Fa paura pensare che adesso - quasi dodici ore dopo - tutto questo non ha più molta importanza, perché non solo non c’è più mia madre, ma non c’è più nemmeno Miloto e il corpo dell’assassino di mia madre giace inerme in mezzo a centinaia di altri.
La prima bomba è caduta molto distante. Abbiamo sentito il rumore delle astronavi avvicinarsi come un brusio sotto al canto e poi un’ombra lunga centinaia di metri ha coperto la piazza e lo spostamento d’aria ha spento tutti i fuochi. C’è stato un solo istante di buio e poi la città ha preso fuoco. Il rituale si è fermato mentre assistevamo all’arrivo della seconda e della terza bomba. Non sono certo che sia passato tempo abbastanza per stare davvero a guardare, ricordo solo che le ho viste cadere e che quello che stava accadendo non aveva davvero alcun senso.
Moiw è scoppiata a piangere e si è messa a correre verso mio padre, così quando si è sollevato il fumo, li ho persi di vista entrambi. Ho corso anch’io alla cieca, il più lontano possibile dal rumore, cercando di trovarli, ma il rumore era ovunque e poco dopo i palazzi hanno cominciato a crollare e ho perso la calma e l’orientamento.
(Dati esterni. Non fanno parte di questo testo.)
(* Let $(R,\mathfrak m)$ be a regular local ring with $\dim R\ge 2$, let $\{(R_i,\mathfrak m_i)\}_{i\ge 0}$ be an infinite sequence of local quadratic transforms with $R_0=R$, and let $S=\bigcup_{i\ge0}R_i$ with maximal ideal $N=\bigcup_i\mathfrak m_i$. For $x\in S$ the following are equivalent: (1) $N=xS$; (2) $P:=\bigcap_{i>0}N^i$ is a prime ideal, $S/P$ is a DVR whose maximal ideal is the image of $xS$, and $P=PS_P$; (3) for every valuation ring $V$ that birationally dominates $S$, $\mathfrak m_iV=xV$ for all $i\gg0$; (4) $x$ is a regular parameter of $R_i$ (i.e. $x\in\mathfrak m_i\setminus\mathfrak m_i^2$) for all $i\gg0$.
   Context: A local quadratic transform of a regular local ring $(A,\mathfrak n)$ is a local ring $A[\mathfrak n/y]_{\mathfrak q}$ with $y\in\mathfrak n\setminus\mathfrak n^2$ and $\mathfrak q$ a prime ideal of $A[\mathfrak n/y]$ containing $\mathfrak n$. The sequence satisfies: for each $i\ge 0$, $R_{i+1}$ is a local quadratic transform of $R_i$, $R_i\subsetneq R_{i+1}$, and each $R_i$ is a regular local ring of dimension at least $2$ with maximal ideal $\mathfrak m_i$. A valuation ring $V$ birationally dominates $S$ if $V$ lies in the quotient field of $S$, contains $S$, and its maximal ideal contracts to $N$. *)

(* Commutative algebra inside a fixed field K:
   all rings considered are subrings of K, represented as predicates K -> Prop. *)
From mathcomp Require Import all_boot all_algebra.
Set Implicit Arguments. Unset Strict Implicit. Unset Printing Implicit Defensive.
Import GRing.Theory.
Local Open Scope ring_scope.

Section CommAlg.
Variable K : fieldType.
Implicit Types (A B C I J V G : K -> Prop).

Definition sub_set A B := forall z, A z -> B z.

Definition subring A :=
  [/\ A 1, (forall a b, A a -> A b -> A (a - b)) & (forall a b, A a -> A b -> A (a * b))].

Definition ideal A I :=
  [/\ sub_set I A, I 0, (forall a b, I a -> I b -> I (a + b))
    & (forall a b, A a -> I b -> I (a * b))].

Definition unit_in A a := A a /\ exists b, A b /\ a * b = 1.

(* the set of non-units of A (the maximal ideal when A is local) *)
Definition maxideal A z := A z /\ ~ unit_in A z.

Definition local_ring A := subring A /\ ideal A (maxideal A).

Definition prime_ideal A P :=
  [/\ ideal A P, ~ P 1 & forall a b, A a -> A b -> P (a * b) -> P a \/ P b].

Definition ideal_span A G z :=
  exists s : seq (K * K), (forall t, t \in s -> A t.1 /\ G t.2) /\
    z = \sum_(t <- s) t.1 * t.2.

Definition fin_gen A I :=
  exists g : seq K, (forall a, a \in g -> A a) /\ I = ideal_span A (fun z => z \in g).

Definition noetherian A := forall I, ideal A I -> fin_gen A I.

Definition ideal_pow A I (k : nat) :=
  ideal_span A (fun z => exists s : seq K,
            [/\ size s = k, (forall a, a \in s -> I a) & z = \prod_(a <- s) a]).

Definition prime_chain A (n : nat) :=
  exists P : nat -> K -> Prop,
    (forall j, (j <= n)%N -> prime_ideal A (P j)) /\
    (forall j, (j < n)%N -> sub_set (P j) (P j.+1) /\ P j <> P j.+1).

Definition krull_dim A (d : nat) :=
  prime_chain A d /\ forall n, prime_chain A n -> (n <= d)%N.

Definition regular_local A (d : nat) :=
  [/\ local_ring A, noetherian A, krull_dim A d &
      exists g : seq K, [/\ size g = d, (forall a, a \in g -> A a)
                         & maxideal A = ideal_span A (fun z => z \in g)]].

Definition adjoin A G z :=
  forall C, subring C -> sub_set A C -> sub_set G C -> C z.

Definition blowup A (y : K) := adjoin A (fun z => exists a, maxideal A a /\ z = a / y).

Definition localize C q z := exists a b, [/\ C a, C b, ~ q b & z = a / b].

Definition local_quadratic_transform A B :=
  exists y, [/\ maxideal A y, ~ ideal_pow A (maxideal A) 2 y &
    exists q, [/\ prime_ideal (blowup A y) q, sub_set (maxideal A) q &
                  B = localize (blowup A y) q]].

Definition quadratic_sequence (R : nat -> K -> Prop) :=
  forall i : nat,
    [/\ exists d, (2 <= d)%N /\ regular_local (R i) d,
        local_quadratic_transform (R i) (R i.+1) &
        sub_set (R i) (R i.+1) /\ R i <> R i.+1].

Definition has_fraction_field A :=
  forall z, exists a b, [/\ A a, A b, b <> 0 & z = a / b].

Definition union_ring (R : nat -> K -> Prop) z := exists i, R i z.
Definition union_max (R : nat -> K -> Prop) z := exists i, maxideal (R i) z.

Definition principal A (x : K) z := exists s, A s /\ z = x * s.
Sembrava che la città si chiudesse su se stessa. Una delle sacerdotesse, un’amica di mia madre, mi ha salvato la vita, trascinandomi via in tempo prima che la parete di una casa mi venisse addosso. Ci siamo infilati sotto le macerie, tremavo così forte che mi battevano i denti e non riuscivo ad avvolgermi nel mantello. Ci ha pensato lei. Siamo rimasti là sotto non so per quanto tempo, a sentire la città che veniva distrutta e le urla della gente che moriva ovunque. Non ho dormito neanche un minuto e non abbiamo parlato. Lei mi ha mostrato la ferita allo stomaco che tamponava con la mano, ma ha sorriso e ha detto “Non preoccuparti, Inye, non è niente, andrà tutto bene.” Mi è venuta in mente di nuovo mia madre e ho capito che sarebbe morta anche lei.
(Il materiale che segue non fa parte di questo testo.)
From mathcomp Require Import all_boot all_order all_algebra.
From mathcomp Require Import reals.
From mathcomp Require Import zify ring lra.
Import Order.TTheory GRing.Theory Num.Theory.
Set Implicit Arguments. Unset Strict Implicit. Unset Printing Implicit Defensive.

(* Write k = r + 1 and split the vertices into X, T = [t] and O = [n] \ [t].
   A "standard" edge x + j + S has x in X, j in T and S an r-subset of O;
   all standard edges lie in F.  We grow a matching of standard edges of H
   avoiding a fixed set W one edge at a time.  Given a free x in X, either
   x + j + S is an edge for some free j in T and free r-set S of O, or x
   misses at least |free T| C(|free O|, r) edges of F.  In the latter case a
   double count over the matching finds an edge x' + j' + S' of it that can be
   traded for x + j' + S1 and x' + j + S2 (a free j in T).  Goodness bounds
   the number B of missing edges at any vertex by alpha n^k, and for alpha
   small this budget pays for all t steps (B = 0, or 3B < t C(g, r) with
   g = n - k (t + 1) >= zeta n).  Taking W empty gives nu(H) >= t; taking W an
   edge of H outside F (which cannot meet T) gives t + 1 disjoint edges. *)

Section FiniteSets.
Variable T : finType.
Implicit Types (A P W e : {set T}) (M H : {set {set T}}).

Lemma disjP A P : reflect (forall x, x \in A -> x \in P -> False) [disjoint A & P].
Proof.
apply: (iffP pred0P) => [H x xA xP | H x] /=; first by have := H x; rewrite /= xA xP.
by apply/andP => -[]; apply: H.
Qed.

Lemma is_matchingE M : is_matching M = trivIset M.
Proof.
apply/forall_inP/trivIsetP => [H e1 e2 h1 h2 | H e1 h1].
  by have /forall_inP/(_ e2 h2)/implyP := H e1 h1.
by apply/forall_inP => e2 h2; apply/implyP; apply: H.
Qed.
All’alba è sorto il sole ed è calato un silenzio totale quasi più inquietante del frastuono di urla durante la notte. La sacerdotessa è morta più o meno nello stesso momento.
Ho usato i denti per inciderle il polso e ho bevuto qualche goccia di sangue. Non sono un parente, ma questo dovrà bastare.
Sono uscito dal mio nascondiglio e mi sono guardato intorno senza capire nemmeno dov’ero.
Quindi mi sono stretto nel mantello e ho cominciato a cercare mio padre e mia sorella.

*


Rohin, Cesarine. Giorno successivo ai bombardamenti

Questa casa è grande abbastanza perché ci vivano comodamente tre adulti ed un bambino, ma non è così enorme da far passare inosservata l'assenza di una persona. Eppure, quando apro gli occhi, per un attimo non sembra affatto che Saban sia lontano da casa da settimane perché il letto è affollato come al solito. Io non so veramente come possa Asan – col suo metro e cinquanta scarso – occupare tutto lo spazio che occupa. E dove non arriva lei con braccia e gambe ben aperte, con buona pace della grazia che dimostra durante le sue dimostrazioni di Namal Ajil, ci pensa Ethan, che nel sonno tira calci e pugni ben più potenti di quelli che ti aspetteresti dal corpicino di un bimbo di appena un anno e mezzo.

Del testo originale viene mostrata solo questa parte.